Hirai, named in November as president, replacing Ken Kutaragi, the "father of the PlayStation," sounded apologetic in several places during his speech, acknowledging that the PlayStation 3 had failed to live up to the company's sales targets.
He promised to listen more to complaints and suggestions from game software creators and game fans to improve the PlayStation 3 business.
"The results we have produced so far have been unfortunate," he said at Makuhari Messe hall of the more than 5 million global sales for the PlayStation 3, which went on sale late last year in Japan and the U.S. and in March in Europe.
Disappointed traders sent Sony's share price down 0.9 percent to 5,440 yen in Tokyo trading.
Sony once dominated the gaming industry with PlayStation 2, predecessor for the PS3, but now faces intense competition from Microsoft Corp., which has sold 11.6 million Xbox 360 machines in the last two years, and from Nintendo Co.'s popular Wii, which has sold 9.3 million units since late last year.
Hirai showed a new remote controller for the PlayStation 3, "Dualshock 3," that will vibrate along with games such as the shock of impact of a sword hitting an object or a race car swerving. Old games will require download upgrades.

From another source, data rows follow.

Lemma stopping_setP (m n : nat) (M : 'M[bool]_(m, n)) (S : {set 'I_n}) :
  stopping_set M S <->
  S != set0 /\
  forall i j, j \in S -> M i j -> exists2 j', j' \in S & (j' != j) && M i j'.
Proof.
split => [/andP [S0 /forallP rows]|[S0 twice]].
  split=> // i j jS Mij.
  have jrow : j \in [set j in S | M i j] by rewrite inE jS.
  case: (boolP ([set j in S | M i j] \subset [set j])) => [sub|/subsetPn [j' j'row j'j]].
    have /eqP := rows i; rewrite (_ : [set j in S | M i j] = [set j]) ?cards1 //.
    by apply/eqP; rewrite eqEsubset sub sub1set.
  by rewrite inE in j'row; case/andP: j'row => j'S Mij'; exists j'; rewrite // -in_set1 j'j.
rewrite /stopping_set S0; apply/forallP => i; apply/negP => /cards1P [j row1].
have : j \in [set j in S | M i j] by rewrite row1 set11.
rewrite inE => /andP [jS Mij]; have [j' j'S /andP [j'j Mij']] := twice i j jS Mij.
have : j' \in [set j in S | M i j] by rewrite inE j'S.
by rewrite row1 inE (negbTE j'j).
Qed.

Section WeightTwoColumns.
Variables (m n : nat) (M : 'M[bool]_(m, n)).
Hypothesis col2 : forall j, #|col_support M j| = 2.
Local Notation c := (col_support M).

Lemma in_col i j : (i \in c j) = M i j.
Proof. by rewrite inE. Qed.

Lemma stopping_partner (S : {set 'I_n}) (j : 'I_n) (i : 'I_m) :
  stopping_set M S -> j \in S -> i \in c j ->
  exists j' k, [/\ j' \in S, j' != j, k != i & c j' = [set i; k]].
Proof.
case/stopping_setP => _ twice jS; rewrite in_col => /(twice _ _ jS) [j' j'S /andP [j'j]].
rewrite -in_col => ij'; have /cards2P [p [q [pq cj']]] : #|c j'| == 2 by rewrite col2.
rewrite cj' in ij'; case/set2P: ij' => ei; subst i.
  by exists j', q; split; rewrite // eq_sym.
by exists j', p; rewrite setUC.
Qed.
Lemma near_family_escapes N a bypass :
  (2 <= N)%nat -> 1 <= a -> escaping bypass -> (forall k, bypass (S k) <> (a, 0)) ->
  (forall k, (N <= k)%nat -> on_lane (0, 0)%nat (bypass k)) ->
  escape_family N (a, 0) (near_family N bypass).
Proof.
  intros HN Ha Hb Hbx Hbl. apply escape_family_of_lanes.
  - intros [q i] Hj. apply In_lanes in Hj. unfold near_family, near_shape; cbn [fst snd]. split.
    + apply escaping_rotn.
      destruct (q =? 0)%nat, (i =? 0)%nat, (q =? 3)%nat;
        auto using up_right_escaping, right_up_right_escaping with zarith.
    + intro k. destruct q as [|[|[|[|q]]]]; try lia; [destruct i as [|i]; [apply Hbx|]|..];
        cbn [Nat.eqb]; avoid_vertex.
  - intros [q i] k Hj Hk. apply In_lanes in Hj. unfold near_family, near_shape; cbn [fst snd].
    destruct (Nat.eqb_spec q 0) as [->|Hq0];
      [destruct i as [|i]; cbn [Nat.eqb]; [apply Hbl; exact Hk|] | destruct (q =? 3)%nat];
      rewrite ?up_right_lane, ?right_up_right_lane by lia; apply on_lane_rotn; lia.
Qed.

Lemma bypass1_avoids k : bypass1 (S k) <> (1, 0).
Proof.
  do 4 (destruct k as [|k]; [cbn; congruence|]).
  unfold bypass1. rewrite !Nat2Z.inj_succ. intro E. injection E. lia.
Qed.

Lemma bypass1_lane k : (4 <= k)%nat -> on_lane (0, 0)%nat (bypass1 k).
Proof.
  intro Hk. do 4 (destruct k as [|k]; [lia|]). exists (Z.of_nat k + 2).
  unfold bypass1. rewrite !Nat2Z.inj_succ. split; [lia|]. cbn. f_equal. lia.
Qed.

Lemma bypass2_avoids k : bypass2 (S k) <> (2, 0).
Proof.
  do 5 (destruct k as [|k]; [cbn; congruence|]).
  unfold bypass2. rewrite !Nat2Z.inj_succ. intro E. injection E. lia.
Qed.

Lemma bypass2_lane k : (5 <= k)%nat -> on_lane (0, 0)%nat (bypass2 k).
Proof.
  intro Hk. do 5 (destruct k as [|k]; [lia|]). exists (Z.of_nat k + 3).
  unfold bypass2. rewrite !Nat2Z.inj_succ. split; [lia|]. cbn. f_equal. lia.
Qed.

Lemma neighbour_family_escapes : escape_family 4 (1, 0) (near_family 4 bypass1).
Proof.
  apply near_family_escapes; auto using bypass1_escaping, bypass1_avoids, bypass1_lane; lia.
Qed.

Lemma axis_family_escapes : escape_family 5 (2, 0) (near_family 5 bypass2).
Proof.
  apply near_family_escapes; auto using bypass2_escaping, bypass2_avoids, bypass2_lane; lia.
Qed.

Definition diag_shape (q i : nat) : nat -> vertex :=
  if andb (q =? 0)%nat (i =? 1)%nat then right_up_right 3 1 else up_right (Z.of_nat i).

Definition diag_family (j : nat * nat) (k : nat) : vertex :=
  rotn (fst j) (diag_shape (fst j) (snd j) k).

Lemma diag_family_escapes : escape_family 3 (1, 1) diag_family.
Proof.
  apply escape_family_of_lanes.
  - intros [q i] Hj. apply In_lanes in Hj. unfold diag_family, diag_shape; cbn [fst snd]. split.
    + apply escaping_rotn. destruct (andb _ _).
      * apply right_up_right_escaping. lia.
      * apply up_right_escaping. lia.
    + intro k. destruct q as [|[|[|[|q]]]]; try lia; destruct i as [|[|[|i]]]; try lia;
        cbn [Nat.eqb andb]; avoid_vertex.
  - intros [q i] k Hj Hk. apply In_lanes in Hj. unfold diag_family, diag_shape; cbn [fst snd].
    destruct i as [|[|[|i]]], q as [|q]; try lia; cbn [Nat.eqb andb];
      rewrite ?up_right_lane, ?right_up_right_lane by lia; apply on_lane_rotn; lia.
Qed.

The controller goes on sale in November in Japan and next spring in the U.S. and Europe, he said.
Hirai said the core strategy would be to position the PlayStation 3 as a game machine as well as a way to view next-generation Blu-ray disc video.
"We must get back to the basics," he said.
Hirai, who formerly headed Sony Corp.'s North American gaming business, has fueled some expectations about a new strategy at the electronics maker.
The departure of Kutaragi, an icon among gamers, marked the end of an era at Sony when it dominated the video game industry with its flagship PlayStation.
Hirai became president in December, but became also chief executive in June. Kutaragi remains honorary chairman at Sony's gaming unit.